Avec Matthias et Maxime, Xavier Dolan a présenté un film hautement maîtrisé. Il a démontré une grande maturité autant sur le plan de son jeu d’acteur que sur celui de la réalisation. C’est un film plus posé, qui est réalisé tout en douceur. Il est moins flamboyant, clinquant, dans l’urgence que certaines autres de ses réalisations. C’est du vrai Xavier Dolan et ça m’a beaucoup charmée.

J’ai trouvé La femme de mon frère, le premier film de Monia Chokri, superbe. J’ai été très touchée par son esthétisme, la maîtrise de ses plans, et de voir à quel point elle avait du style et qu’elle ne se cherchait pas dans son cinéma. Quant à Anne-Élisabeth Bossé, elle porte le film sur ses épaules et elle est absolument divine. Vraiment, chapeau!

 

Votre documentaire sera diffusé pour la première fois dans les prochains jours. Quel message aimeriez-vous qu’il véhicule?

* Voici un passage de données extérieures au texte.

(* Let $K$ be a field and let $f\colon R\to S$ be a morphism of Zinbiel algebras over $K$. For $i=1,2$, the maps $d^i_f\colon C^i_{\mathrm{Zinb}}(f,f)\to C^{i+1}_{\mathrm{Zinb}}(f,f)$ defined below satisfy $d^{i+1}_f\circ d^i_f=0$.
   Context: A Zinbiel algebra (dual Leibniz algebra) over $K$ is a $K$-vector space $R$ with a $K$-bilinear product $(x,y)\mapsto x\cdot y$ satisfying $(x\cdot y)\cdot z = x\cdot(y\cdot z)+x\cdot(z\cdot y)$ for all $x,y,z\in R$. A morphism $f\colon R\to S$ is a $K$-linear map with $f(x\cdot y)=f(x)\cdot f(y)$. An $R$-bimodule is a $K$-vector space $A$ with bilinear maps $R\otimes A\to A$, $A\otimes R\to A$ such that the Zinbiel identity holds whenever exactly one of $x,y,z$ lies in $A$ and the others in $R$. $R$ is an $R$-bimodule via its product, $S$ is an $S$-bimodule via its product, and $S$ is an $R$-bimodule via $r\cdot s=f(r)\cdot s$, $s\cdot r=s\cdot f(r)$. For an $R$-bimodule $A$ and $1\le n\le 4$ put $C^n_{\mathrm{Zinb}}(R,A)=\mathrm{Hom}_K(R^{\otimes n},A)$, and define $d^i\colon C^i_{\mathrm{Zinb}}(R,A)\to C^{i+1}_{\mathrm{Zinb}}(R,A)$ for $i=1,2,3$ by $(d^1\varphi)(x,y)=x\cdot\varphi(y)-\varphi(x\cdot y)+\varphi(x)\cdot y$, $(d^2\varphi)(x,y,z)=x\cdot(\varphi(y,z)+\varphi(z,y))-\varphi(x\cdot y,z)+\varphi(x,y\cdot z+z\cdot y)-\varphi(x,y)\cdot z$, $(d^3\varphi)(x,y,z,w)=x\cdot\{\varphi(y,z,w)-\varphi(z,w,y)+\varphi(z,y,w)-\varphi(w,z,y)\}-\varphi(x\cdot y,z,w)+\varphi(x,y\cdot z+z\cdot y,w)-\varphi(x,y,z\cdot w+w\cdot z)+\varphi(x,y,z)\cdot w$. Set $C^0_{\mathrm{Zinb}}(R,S)=0$ and $d^0=0$. For $1\le n\le 4$ let $C^n_{\mathrm{Zinb}}(f,f)=C^n_{\mathrm{Zinb}}(R,R)\times C^n_{\mathrm{Zinb}}(S,S)\times C^{n-1}_{\mathrm{Zinb}}(R,S)$ and for $1\le i\le 3$ define $d^i_f(\xi;\pi;\varphi)=(d^i\xi;\,d^i\pi;\,f\xi-\pi f-d^{i-1}\varphi)$, where $(f\xi)(x_1,\dots,x_i)=f(\xi(x_1,\dots,x_i))$ and $(\pi f)(x_1,\dots,x_i)=\pi(f(x_1),\dots,f(x_i))$ for $x_j\in R$, and $d^{i-1}\varphi$ is computed in $C^*_{\mathrm{Zinb}}(R,S)$ with $S$ an $R$-bimodule via $f$. *)

From HB Require Import structures.
From mathcomp Require Import all_boot all_algebra.
Set Implicit Arguments. Unset Strict Implicit. Unset Printing Implicit Defensive.
Import GRing.Theory.
Local Open Scope ring_scope.

Section ZinbDefs.
Variable K : fieldType.

Definition is_zinbiel (R : lmodType K) (mul : R -> R -> R) : Prop :=
  [/\ (forall (a : K) (x y z : R), mul (a *: x + y) z = a *: mul x z + mul y z),
      (forall (a : K) (x y z : R), mul x (a *: y + z) = a *: mul x y + mul x z)
    & (forall x y z : R, mul (mul x y) z = mul x (mul y z) + mul x (mul z y))].

Definition is_zinb_morphism (R S : lmodType K) (mulR : R -> R -> R)
  (mulS : S -> S -> S) (f : R -> S) : Prop :=
  [/\ (forall (a : K) (x y : R), f (a *: x + y) = a *: f x + f y)
    & (forall x y : R, f (mulR x y) = mulS (f x) (f y))].
(* If (x, lam, Lam, rho) is feasible for (RLP-bar), evaluate the copositive matrix at
   z = (u; w) with u in U and w an extreme point of W: then E z = 0 kills the Lam-term and
   w^T (F u - A x) <= lam + r rho.  Relatively complete recourse makes the objective
   nonpositive along recession directions of W, so every point of W is dominated by an
   extreme point, and LP duality (Farkas' lemma, by Fourier-Motzkin elimination) gives a
   recourse y(u) of cost at most lam + r rho in every scenario.
   Conversely, if (x, y) is feasible with worst-case recourse cost s, then
   lam = s + eps/2, Lam = mu E^T, rho = eps/(4r) is feasible for large mu.  By homogeneity
   it suffices to test z = (u; w) with u in U; comparing with the recourse y(g) of a nearby
   scenario g from a finite grid of representatives (so the y(g) are uniformly bounded,
   although y need not be), the errors are absorbed into mu ||E z||^2 and rho ||w||^2 by
   AM-GM. *)

From Stdlib Require Import Reals.
From mathcomp Require Import ssreflect ssrfun ssrbool eqtype ssrnat fintype bigop.
From Stdlib Require Import Lra Lia Psatz Classical FunctionalExtensionality ClassicalEpsilon.
From mathcomp Require Import seq finfun.
From HB Require Import structures.
Set Implicit Arguments.
Unset Strict Implicit.
Unset Printing Implicit Defensive.
Local Open Scope R_scope.

HB.instance Definition _ := Monoid.isComLaw.Build R R0 Rplus
  (fun x y z => esym (Rplus_assoc x y z)) Rplus_comm Rplus_0_l.

Local Notation "\sum_ ( i : t ) F" := (\big[Rplus/R0]_(i : t) F%R) : R_scope.

Lemma split_lshift p q (a : 'I_p) : split (lshift q a) = inl a.
Proof. exact: (unsplitK (inl a)). Qed.

Lemma split_rshift p q (b : 'I_q) : split (rshift p b) = inr b.
Proof. exact: (unsplitK (inr b)). Qed.

Section RealSums.
Variable I : finType.
Implicit Types f g : I -> R.

Lemma big_Radd f g : \sum_(i : I) (f i + g i) = \sum_(i : I) f i + \sum_(i : I) g i.
Proof. exact: big_split. Qed.

Lemma big_Rscale c f : \sum_(i : I) (c * f i) = c * \sum_(i : I) f i.
Proof. by symmetry; apply: (big_morph (fun x => c * x)) => [x y|]; ring. Qed.

Lemma big_Rle f g : (forall i, f i <= g i) -> \sum_(i : I) f i <= \sum_(i : I) g i.
Proof. by move=> H; apply: (big_ind2 Rle) => [|*|i _]; [lra|lra|apply: H]. Qed.

Lemma big_Rge0 f : (forall i, 0 <= f i) -> 0 <= \sum_(i : I) f i.
Proof. by move=> H; apply: (big_ind (Rle 0)) => [|*|i _]; [lra|lra|apply: H]. Qed.

Lemma big_Rterm f j : (forall i, 0 <= f i) -> f j <= \sum_(i : I) f i.
Proof.
move=> H; rewrite (bigD1 j) //=.
have : 0 <= \big[Rplus/R0]_(i | i != j) f i by apply: (big_ind (Rle 0)) => [|*|i _]; [lra|lra|apply: H].
lra.
Qed.

Lemma big_Rdelta f j : \sum_(i : I) (if i == j then f i else 0) = f j.
Proof. by rewrite (bigD1 j) //= eqxx big1 ?Rplus_0_r // => i /negbTE ->. Qed.

End RealSums.

Lemma big_bilinear_assoc (I J : finType) (a : I -> R) (M : I -> J -> R) (b : J -> R) :
  \sum_(j : J) (\sum_(i : I) a i * M i j) * b j = \sum_(i : I) a i * \sum_(j : J) M i j * b j.
Proof.
rewrite (eq_bigr (fun j => \sum_(i : I) a i * M i j * b j)); last first.
  by move=> j _; rewrite [LHS]Rmult_comm -big_Rscale; apply: eq_bigr => i _; ring.
rewrite exchange_big; apply: eq_bigr => i _.
by rewrite -big_Rscale; apply: eq_bigr => j _; ring.
Qed.

Section SumI.
Variable n : nat.
Implicit Types f g : 'I_n -> R.

Lemma sumI_ext f g : (forall i, f i = g i) -> sumI f = sumI g.
Proof. by move=> H; apply: eq_bigr => i _. Qed.
Lemma sumI_add f g : sumI (fun i => f i + g i) = sumI f + sumI g.
Proof. exact: big_Radd. Qed.
Lemma sumI_scale c f : sumI (fun i => c * f i) = c * sumI f.
Proof. exact: big_Rscale. Qed.
Lemma sumI_scale_r c f : sumI (fun i => f i * c) = sumI f * c.
Proof. by rewrite Rmult_comm -sumI_scale; apply: sumI_ext => i; ring. Qed.
Lemma sumI_opp f : sumI (fun i => - f i) = - sumI f.
Proof.
have -> : - sumI f = -1 * sumI f by ring.
by rewrite -sumI_scale; apply: sumI_ext => i; ring.
Qed.
Lemma sumI_sub f g : sumI (fun i => f i - g i) = sumI f - sumI g.
Proof. by rewrite /Rminus -sumI_opp -sumI_add. Qed.
Lemma sumI_le f g : (forall i, f i <= g i) -> sumI f <= sumI g.
Proof. exact: big_Rle. Qed.
Lemma sumI_ge0 f : (forall i, 0 <= f i) -> 0 <= sumI f.
Proof. exact: big_Rge0. Qed.
Lemma sumI_zero f : (forall i, f i = 0) -> sumI f = 0.
Proof. by move=> H; rewrite /sumI big1. Qed.
Lemma sumI_term f j : (forall i, 0 <= f i) -> f j <= sumI f.
Proof. exact: big_Rterm. Qed.
Lemma sumI_delta f j : sumI (fun i => if i == j then f i else 0) = f j.
Proof. exact: big_Rdelta. Qed.
Lemma sumI_abs f : Rabs (sumI f) <= sumI (fun i => Rabs (f i)).
Proof.
apply: (big_ind2 (fun x y => Rabs x <= y)) => [|x1 x2 y1 y2 H1 H2|i _].
- by rewrite Rabs_R0; lra.
- by apply: Rle_trans (Rabs_triang _ _) _; lra.
- lra.
Qed.

End SumI.

Lemma sumI_exch p q (f : 'I_p -> 'I_q -> R) :
  sumI (fun i => sumI (fun j => f i j)) = sumI (fun j => sumI (fun i => f i j)).
Proof. exact: exchange_big. Qed.

Lemma sumI_split p q (f : 'I_(p + q) -> R) :
  sumI f = sumI (fun a => f (lshift q a)) + sumI (fun b => f (rshift p b)).
Proof. exact: big_split_ord. Qed.

Lemma sumI_recl n (f : 'I_n.+1 -> R) : sumI f = f ord0 + sumI (fun i => f (lift ord0 i)).
Proof. exact: big_ord_recl. Qed.

Lemma sumI_mul p q (f : 'I_p -> R) (g : 'I_q -> R) :
  sumI (fun i => sumI (fun j => f i * g j)) = sumI f * sumI g.
Proof. by rewrite -sumI_scale_r; apply: sumI_ext => i; rewrite sumI_scale. Qed.

Lemma dot_ge0 n (u : vec n) : 0 <= dot u u.
Proof. by apply: sumI_ge0 => i; apply: Rle_0_sqr. Qed.

Lemma dot_mulmv m n (B : mat m n) (w : vec m) (y : vec n) :
  dot w (mulmv B y) = sumI (fun l => sumI (fun i => B i l * w i) * y l).
Proof.
rewrite (sumI_ext (g := fun l => sumI (fun i => w i * B i l) * y l)); last first.
  by move=> l; congr (_ * _); apply: sumI_ext => i; ring.
exact: esym (big_bilinear_assoc _ _ _).
Qed.

Lemma dot_le_mulmv m n (B : mat m n) (b w : vec m) (y : vec n) :
  (forall i, 0 <= w i) -> (forall i, mulmv B y i >= b i) ->
  dot w b <= sumI (fun l => sumI (fun i => B i l * w i) * y l).
Proof.
move=> Hw Hy; rewrite -dot_mulmv; apply: sumI_le => i.
by apply: Rmult_le_compat_l; [apply: Hw | have := Hy i; lra].
Qed.

Lemma seq_argmin (I : eqType) (P : I -> Prop) (f : I -> R) (s : seq I) :
  (exists2 i, i \in s & P i) ->
  exists i0, [/\ i0 \in s, P i0 & forall i, i \in s -> P i -> f i0 <= f i].
Proof.
elim: s => [|a s IH]; first by case.
case=> i Hi HPi.
have [[i0 [s_i0 P_i0 min_i0]]|no_s] :=
  classic (exists i0, [/\ i0 \in s, P i0 & forall i, i \in s -> P i -> f i0 <= f i]).
- have [[Pa le_a]|] := classic (P a /\ f a <= f i0).
  + exists a; split=> [|//|j]; first by rewrite inE eqxx.
    rewrite inE => /orP [/eqP -> _|s_j P_j]; first lra.
    by have := min_i0 j s_j P_j; lra.
  + move=> not_a; exists i0; split=> [|//|j]; first by rewrite inE s_i0 orbT.
    rewrite inE => /orP [/eqP -> P_j|]; last exact: min_i0.
    by apply: Rnot_lt_le => lt_a; apply: not_a; split=> //; lra.
- have not_in_s : ~ exists2 j, j \in s & P j by move=> /IH.
  have Hia : i = a.
    by move: Hi; rewrite inE => /orP [/eqP //|s_i]; case: not_in_s; exists i.
  subst i; exists a; split=> [|//|j]; first by rewrite inE eqxx.
  rewrite inE => /orP [/eqP -> _|s_j P_j]; first lra.
  by case: not_in_s; exists j.
Qed.

Lemma fin_argmin (I : finType) (P : I -> Prop) (f : I -> R) :
  (exists i, P i) -> exists i0, P i0 /\ forall i, P i -> f i0 <= f i.
Proof.
case=> i Hi; have [|i0 [_ P_i0 min_i0]] := @seq_argmin I P f (enum I).
  by exists i; rewrite ?mem_enum.
by exists i0; split=> // j P_j; apply: min_i0; rewrite ?mem_enum.
Qed.

Lemma fin_argmax (I : finType) (P : I -> Prop) (f : I -> R) :
  (exists i, P i) -> exists i0, P i0 /\ forall i, P i -> f i <= f i0.
Proof.
move=> /(fin_argmin (fun i => - f i)) [i0 [P_i0 min_i0]].
by exists i0; split=> // i P_i; have := min_i0 i P_i; lra.
Qed.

Je veux rendre hommage à ceux qui ont réussi à se rendre jusqu’à Cannes. On a souvent l’impression que c’est facile, alors que c’est tout le contraire. En fouillant dans les archives, je suis tombée sur un extrait d’entrevue où l’on s’indignait du fait que Les invasions barbares n’ait pas gagné la Palme d’or alors qu’il avait remporté le prix du scénario et un prix d’interprétation pour Marie-Josée Croze. C’est quand même gigantesque comme reconnaissance!

C’est un peu la même chose cette année, on parle du fait que le film de Xavier Dolan n’ait pas remporté de prix alors que c’est déjà énorme d’être sélectionné dans la compétition officielle du plus gros festival de cinéma au monde! Il faut être fier de ça, et je pense que lorsqu’on a fini de regarder le documentaire, on est assez fier de notre Québec cinématographique!

 

Oui Cannes sera diffusé en primeur sur ICI ARTV le lundi 10 juin à 20h30.